ENTRIES SHOWN –
--- START ---

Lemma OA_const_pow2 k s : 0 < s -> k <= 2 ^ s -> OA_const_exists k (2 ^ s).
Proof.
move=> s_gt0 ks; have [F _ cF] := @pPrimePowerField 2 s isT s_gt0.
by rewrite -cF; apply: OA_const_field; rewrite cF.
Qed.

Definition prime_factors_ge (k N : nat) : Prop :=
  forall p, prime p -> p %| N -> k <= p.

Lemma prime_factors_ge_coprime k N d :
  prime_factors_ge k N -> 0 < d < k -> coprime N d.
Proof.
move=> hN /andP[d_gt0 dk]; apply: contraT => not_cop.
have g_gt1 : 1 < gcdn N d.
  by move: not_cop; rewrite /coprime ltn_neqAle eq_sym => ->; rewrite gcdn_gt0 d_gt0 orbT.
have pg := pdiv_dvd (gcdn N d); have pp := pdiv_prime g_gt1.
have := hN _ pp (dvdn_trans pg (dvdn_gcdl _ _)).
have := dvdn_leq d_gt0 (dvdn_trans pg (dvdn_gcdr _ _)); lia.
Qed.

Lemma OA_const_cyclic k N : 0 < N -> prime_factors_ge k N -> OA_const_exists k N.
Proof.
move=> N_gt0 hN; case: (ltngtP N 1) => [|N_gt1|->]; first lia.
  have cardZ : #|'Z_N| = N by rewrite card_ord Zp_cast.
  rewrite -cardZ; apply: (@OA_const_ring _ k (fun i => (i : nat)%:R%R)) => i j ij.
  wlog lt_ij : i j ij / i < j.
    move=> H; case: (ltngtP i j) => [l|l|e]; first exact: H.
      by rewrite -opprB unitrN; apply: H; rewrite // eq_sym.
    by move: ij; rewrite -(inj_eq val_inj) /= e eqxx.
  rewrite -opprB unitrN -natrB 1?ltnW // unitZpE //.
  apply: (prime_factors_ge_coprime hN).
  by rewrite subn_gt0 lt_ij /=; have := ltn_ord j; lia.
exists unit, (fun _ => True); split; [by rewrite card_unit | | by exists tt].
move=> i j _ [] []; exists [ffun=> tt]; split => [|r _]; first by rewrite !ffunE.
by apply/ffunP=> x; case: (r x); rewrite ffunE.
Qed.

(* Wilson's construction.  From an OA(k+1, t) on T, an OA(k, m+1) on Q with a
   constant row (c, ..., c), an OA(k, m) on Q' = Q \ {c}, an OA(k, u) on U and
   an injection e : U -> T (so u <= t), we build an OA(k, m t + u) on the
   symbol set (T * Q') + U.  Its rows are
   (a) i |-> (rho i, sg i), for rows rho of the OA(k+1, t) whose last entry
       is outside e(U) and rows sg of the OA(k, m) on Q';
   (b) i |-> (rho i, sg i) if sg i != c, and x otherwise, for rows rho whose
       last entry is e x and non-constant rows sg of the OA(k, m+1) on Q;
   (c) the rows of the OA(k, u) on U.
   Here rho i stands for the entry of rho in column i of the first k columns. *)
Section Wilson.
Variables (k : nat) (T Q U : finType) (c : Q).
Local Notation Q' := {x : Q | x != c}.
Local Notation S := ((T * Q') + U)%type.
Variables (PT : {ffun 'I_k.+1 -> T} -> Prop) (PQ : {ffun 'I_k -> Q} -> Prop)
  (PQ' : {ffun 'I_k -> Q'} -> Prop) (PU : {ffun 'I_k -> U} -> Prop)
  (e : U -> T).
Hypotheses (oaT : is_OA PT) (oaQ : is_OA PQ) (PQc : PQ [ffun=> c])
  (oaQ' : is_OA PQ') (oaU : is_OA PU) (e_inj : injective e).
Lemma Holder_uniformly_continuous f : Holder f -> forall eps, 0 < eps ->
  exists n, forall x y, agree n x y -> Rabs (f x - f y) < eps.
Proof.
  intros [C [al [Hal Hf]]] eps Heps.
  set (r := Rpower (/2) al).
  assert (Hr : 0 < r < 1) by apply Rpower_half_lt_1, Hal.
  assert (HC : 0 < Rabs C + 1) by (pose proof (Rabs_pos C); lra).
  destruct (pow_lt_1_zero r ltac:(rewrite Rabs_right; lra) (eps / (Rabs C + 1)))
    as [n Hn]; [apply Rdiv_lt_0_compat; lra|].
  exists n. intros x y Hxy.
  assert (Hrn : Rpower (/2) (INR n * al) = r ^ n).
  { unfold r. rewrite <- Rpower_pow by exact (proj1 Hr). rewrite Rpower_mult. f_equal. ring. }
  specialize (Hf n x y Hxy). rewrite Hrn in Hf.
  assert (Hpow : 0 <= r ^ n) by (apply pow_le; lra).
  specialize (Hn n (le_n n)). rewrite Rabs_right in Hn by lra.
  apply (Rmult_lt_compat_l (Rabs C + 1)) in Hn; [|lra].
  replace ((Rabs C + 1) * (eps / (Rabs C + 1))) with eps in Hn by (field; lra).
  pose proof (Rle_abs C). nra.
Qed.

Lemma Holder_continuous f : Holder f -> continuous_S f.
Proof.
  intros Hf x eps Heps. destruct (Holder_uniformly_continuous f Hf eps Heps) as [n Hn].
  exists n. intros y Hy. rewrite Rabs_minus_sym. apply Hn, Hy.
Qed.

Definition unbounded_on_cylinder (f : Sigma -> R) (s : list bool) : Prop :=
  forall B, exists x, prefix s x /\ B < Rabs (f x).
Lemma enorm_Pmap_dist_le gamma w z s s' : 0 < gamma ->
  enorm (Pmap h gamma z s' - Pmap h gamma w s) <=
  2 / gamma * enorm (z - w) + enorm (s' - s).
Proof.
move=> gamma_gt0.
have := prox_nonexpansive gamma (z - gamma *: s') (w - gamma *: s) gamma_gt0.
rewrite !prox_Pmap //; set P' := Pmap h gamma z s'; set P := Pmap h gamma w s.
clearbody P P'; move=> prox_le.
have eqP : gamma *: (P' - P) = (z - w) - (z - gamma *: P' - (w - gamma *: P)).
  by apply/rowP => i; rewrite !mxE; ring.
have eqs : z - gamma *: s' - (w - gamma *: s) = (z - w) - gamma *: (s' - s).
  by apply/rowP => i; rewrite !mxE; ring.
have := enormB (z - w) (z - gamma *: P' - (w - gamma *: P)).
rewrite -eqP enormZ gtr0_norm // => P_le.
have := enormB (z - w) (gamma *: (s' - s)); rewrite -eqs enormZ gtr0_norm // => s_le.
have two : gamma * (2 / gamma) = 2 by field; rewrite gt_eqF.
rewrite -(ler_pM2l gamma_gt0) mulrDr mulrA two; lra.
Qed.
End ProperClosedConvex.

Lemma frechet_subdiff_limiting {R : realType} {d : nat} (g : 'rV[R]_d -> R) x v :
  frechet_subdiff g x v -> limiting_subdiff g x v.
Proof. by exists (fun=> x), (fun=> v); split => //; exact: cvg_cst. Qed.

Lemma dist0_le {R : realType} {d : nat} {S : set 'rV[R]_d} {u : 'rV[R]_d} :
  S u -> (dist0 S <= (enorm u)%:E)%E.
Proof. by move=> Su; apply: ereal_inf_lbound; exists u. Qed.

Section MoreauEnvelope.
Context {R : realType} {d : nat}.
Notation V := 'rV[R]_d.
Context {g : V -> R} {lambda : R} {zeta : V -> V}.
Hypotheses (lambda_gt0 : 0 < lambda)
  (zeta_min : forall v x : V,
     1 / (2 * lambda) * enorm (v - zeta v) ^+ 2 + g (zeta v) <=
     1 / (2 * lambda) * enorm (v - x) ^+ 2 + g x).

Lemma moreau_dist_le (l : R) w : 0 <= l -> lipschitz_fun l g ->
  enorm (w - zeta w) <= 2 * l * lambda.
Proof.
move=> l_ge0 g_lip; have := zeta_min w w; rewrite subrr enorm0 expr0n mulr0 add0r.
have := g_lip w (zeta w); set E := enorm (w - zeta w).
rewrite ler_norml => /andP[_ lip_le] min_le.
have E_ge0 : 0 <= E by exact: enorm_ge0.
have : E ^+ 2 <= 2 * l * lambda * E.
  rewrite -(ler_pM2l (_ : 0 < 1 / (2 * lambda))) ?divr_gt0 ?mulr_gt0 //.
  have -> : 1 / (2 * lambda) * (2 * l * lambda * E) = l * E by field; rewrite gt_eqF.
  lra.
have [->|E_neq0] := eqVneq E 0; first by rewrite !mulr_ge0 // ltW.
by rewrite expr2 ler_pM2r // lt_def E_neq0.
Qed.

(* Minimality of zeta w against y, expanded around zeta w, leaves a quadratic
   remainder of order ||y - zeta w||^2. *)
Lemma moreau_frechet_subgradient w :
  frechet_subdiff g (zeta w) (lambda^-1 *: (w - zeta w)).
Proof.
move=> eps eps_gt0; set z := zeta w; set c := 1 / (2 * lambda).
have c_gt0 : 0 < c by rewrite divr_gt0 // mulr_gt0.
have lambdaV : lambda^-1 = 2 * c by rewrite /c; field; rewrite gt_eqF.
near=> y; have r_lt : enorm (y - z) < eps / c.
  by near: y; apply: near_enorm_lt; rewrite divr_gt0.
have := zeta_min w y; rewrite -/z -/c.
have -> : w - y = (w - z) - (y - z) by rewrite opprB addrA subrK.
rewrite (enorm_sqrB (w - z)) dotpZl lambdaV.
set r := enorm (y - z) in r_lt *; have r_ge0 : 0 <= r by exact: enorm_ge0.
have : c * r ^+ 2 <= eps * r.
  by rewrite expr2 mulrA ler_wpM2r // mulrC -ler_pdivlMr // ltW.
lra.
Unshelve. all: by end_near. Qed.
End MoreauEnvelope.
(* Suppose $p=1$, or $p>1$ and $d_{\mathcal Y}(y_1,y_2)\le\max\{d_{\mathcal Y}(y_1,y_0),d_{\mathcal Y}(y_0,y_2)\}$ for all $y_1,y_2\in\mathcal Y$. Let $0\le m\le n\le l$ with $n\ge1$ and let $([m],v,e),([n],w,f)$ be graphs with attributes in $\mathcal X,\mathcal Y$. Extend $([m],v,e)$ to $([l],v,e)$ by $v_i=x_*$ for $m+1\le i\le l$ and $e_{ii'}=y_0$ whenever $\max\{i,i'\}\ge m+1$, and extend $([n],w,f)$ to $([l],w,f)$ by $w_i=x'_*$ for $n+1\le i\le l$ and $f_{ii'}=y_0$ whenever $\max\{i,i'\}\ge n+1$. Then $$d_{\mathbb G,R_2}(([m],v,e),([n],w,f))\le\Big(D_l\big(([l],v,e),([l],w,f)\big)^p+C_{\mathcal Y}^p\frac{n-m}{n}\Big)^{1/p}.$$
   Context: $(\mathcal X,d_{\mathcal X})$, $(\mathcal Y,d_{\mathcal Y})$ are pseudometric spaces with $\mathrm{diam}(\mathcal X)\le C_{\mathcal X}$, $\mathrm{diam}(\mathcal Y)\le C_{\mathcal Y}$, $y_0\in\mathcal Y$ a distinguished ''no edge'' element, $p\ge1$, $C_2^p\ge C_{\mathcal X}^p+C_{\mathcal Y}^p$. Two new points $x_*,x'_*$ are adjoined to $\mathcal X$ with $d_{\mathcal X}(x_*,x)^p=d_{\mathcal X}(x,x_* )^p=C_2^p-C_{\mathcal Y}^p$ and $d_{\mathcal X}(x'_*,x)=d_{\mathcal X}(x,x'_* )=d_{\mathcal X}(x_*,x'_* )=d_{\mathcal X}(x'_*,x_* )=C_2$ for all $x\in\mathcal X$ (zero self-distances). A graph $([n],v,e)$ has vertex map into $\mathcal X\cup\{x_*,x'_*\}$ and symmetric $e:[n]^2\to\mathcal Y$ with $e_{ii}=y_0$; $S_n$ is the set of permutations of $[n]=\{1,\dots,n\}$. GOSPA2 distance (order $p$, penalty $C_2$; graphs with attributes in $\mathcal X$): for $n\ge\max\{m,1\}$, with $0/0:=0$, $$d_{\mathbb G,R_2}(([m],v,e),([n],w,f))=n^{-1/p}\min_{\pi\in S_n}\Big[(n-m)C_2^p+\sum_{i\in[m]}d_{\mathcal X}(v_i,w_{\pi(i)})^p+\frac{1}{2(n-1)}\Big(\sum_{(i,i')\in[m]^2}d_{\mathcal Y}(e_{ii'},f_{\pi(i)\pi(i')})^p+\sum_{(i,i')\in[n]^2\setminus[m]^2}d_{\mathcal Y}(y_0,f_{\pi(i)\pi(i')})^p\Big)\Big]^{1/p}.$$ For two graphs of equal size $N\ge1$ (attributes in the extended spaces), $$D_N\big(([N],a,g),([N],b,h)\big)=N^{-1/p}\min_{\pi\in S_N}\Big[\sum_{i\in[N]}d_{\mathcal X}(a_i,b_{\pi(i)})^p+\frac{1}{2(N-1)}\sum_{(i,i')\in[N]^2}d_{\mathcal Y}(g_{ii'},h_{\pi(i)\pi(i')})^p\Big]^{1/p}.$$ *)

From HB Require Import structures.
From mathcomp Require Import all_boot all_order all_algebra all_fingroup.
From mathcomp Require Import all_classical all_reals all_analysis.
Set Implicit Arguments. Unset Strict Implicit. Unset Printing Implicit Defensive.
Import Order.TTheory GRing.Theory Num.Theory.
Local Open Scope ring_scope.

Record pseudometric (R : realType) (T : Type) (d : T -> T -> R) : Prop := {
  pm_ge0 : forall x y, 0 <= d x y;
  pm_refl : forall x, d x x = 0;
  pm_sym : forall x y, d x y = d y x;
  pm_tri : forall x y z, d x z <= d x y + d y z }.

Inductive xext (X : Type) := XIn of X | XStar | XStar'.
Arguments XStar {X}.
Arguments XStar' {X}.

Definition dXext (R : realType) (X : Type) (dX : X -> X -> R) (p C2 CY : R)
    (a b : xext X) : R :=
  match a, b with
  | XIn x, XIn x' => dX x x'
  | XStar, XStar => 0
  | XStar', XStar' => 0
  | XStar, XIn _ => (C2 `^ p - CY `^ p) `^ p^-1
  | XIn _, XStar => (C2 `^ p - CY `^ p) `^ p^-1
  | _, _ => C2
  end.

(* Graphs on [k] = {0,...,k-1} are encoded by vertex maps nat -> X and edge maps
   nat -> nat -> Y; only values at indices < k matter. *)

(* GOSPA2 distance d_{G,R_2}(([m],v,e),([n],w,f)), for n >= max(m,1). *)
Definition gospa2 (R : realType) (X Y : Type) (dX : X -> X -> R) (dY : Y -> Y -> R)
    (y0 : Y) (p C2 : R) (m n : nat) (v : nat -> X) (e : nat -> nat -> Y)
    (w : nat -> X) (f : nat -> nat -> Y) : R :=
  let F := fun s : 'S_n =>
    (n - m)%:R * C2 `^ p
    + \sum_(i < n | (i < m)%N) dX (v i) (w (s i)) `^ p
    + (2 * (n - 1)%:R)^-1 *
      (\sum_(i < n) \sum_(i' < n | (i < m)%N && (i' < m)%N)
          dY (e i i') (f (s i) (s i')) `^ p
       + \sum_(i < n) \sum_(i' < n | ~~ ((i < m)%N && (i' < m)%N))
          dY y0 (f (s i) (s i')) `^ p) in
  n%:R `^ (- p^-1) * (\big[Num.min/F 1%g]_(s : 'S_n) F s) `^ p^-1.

--- END ---

Using the entries above, repeat only the lines from the one containing "Proof. by move=>" through the one containing "rewrite (enorm_sqrB (w - z)) dotpZl lambdaV.", end lines included.

Proof. by move=> Su; apply: ereal_inf_lbound; exists u. Qed.

Section MoreauEnvelope.
Context {R : realType} {d : nat}.
Notation V := 'rV[R]_d.
Context {g : V -> R} {lambda : R} {zeta : V -> V}.
Hypotheses (lambda_gt0 : 0 < lambda)
  (zeta_min : forall v x : V,
     1 / (2 * lambda) * enorm (v - zeta v) ^+ 2 + g (zeta v) <=
     1 / (2 * lambda) * enorm (v - x) ^+ 2 + g x).

Lemma moreau_dist_le (l : R) w : 0 <= l -> lipschitz_fun l g ->
  enorm (w - zeta w) <= 2 * l * lambda.
Proof.
move=> l_ge0 g_lip; have := zeta_min w w; rewrite subrr enorm0 expr0n mulr0 add0r.
have := g_lip w (zeta w); set E := enorm (w - zeta w).
rewrite ler_norml => /andP[_ lip_le] min_le.
have E_ge0 : 0 <= E by exact: enorm_ge0.
have : E ^+ 2 <= 2 * l * lambda * E.
  rewrite -(ler_pM2l (_ : 0 < 1 / (2 * lambda))) ?divr_gt0 ?mulr_gt0 //.
  have -> : 1 / (2 * lambda) * (2 * l * lambda * E) = l * E by field; rewrite gt_eqF.
  lra.
have [->|E_neq0] := eqVneq E 0; first by rewrite !mulr_ge0 // ltW.
by rewrite expr2 ler_pM2r // lt_def E_neq0.
Qed.

(* Minimality of zeta w against y, expanded around zeta w, leaves a quadratic
   remainder of order ||y - zeta w||^2. *)
Lemma moreau_frechet_subgradient w :
  frechet_subdiff g (zeta w) (lambda^-1 *: (w - zeta w)).
Proof.
move=> eps eps_gt0; set z := zeta w; set c := 1 / (2 * lambda).
have c_gt0 : 0 < c by rewrite divr_gt0 // mulr_gt0.
have lambdaV : lambda^-1 = 2 * c by rewrite /c; field; rewrite gt_eqF.
near=> y; have r_lt : enorm (y - z) < eps / c.
  by near: y; apply: near_enorm_lt; rewrite divr_gt0.
have := zeta_min w y; rewrite -/z -/c.
have -> : w - y = (w - z) - (y - z) by rewrite opprB addrA subrK.
rewrite (enorm_sqrB (w - z)) dotpZl lambdaV.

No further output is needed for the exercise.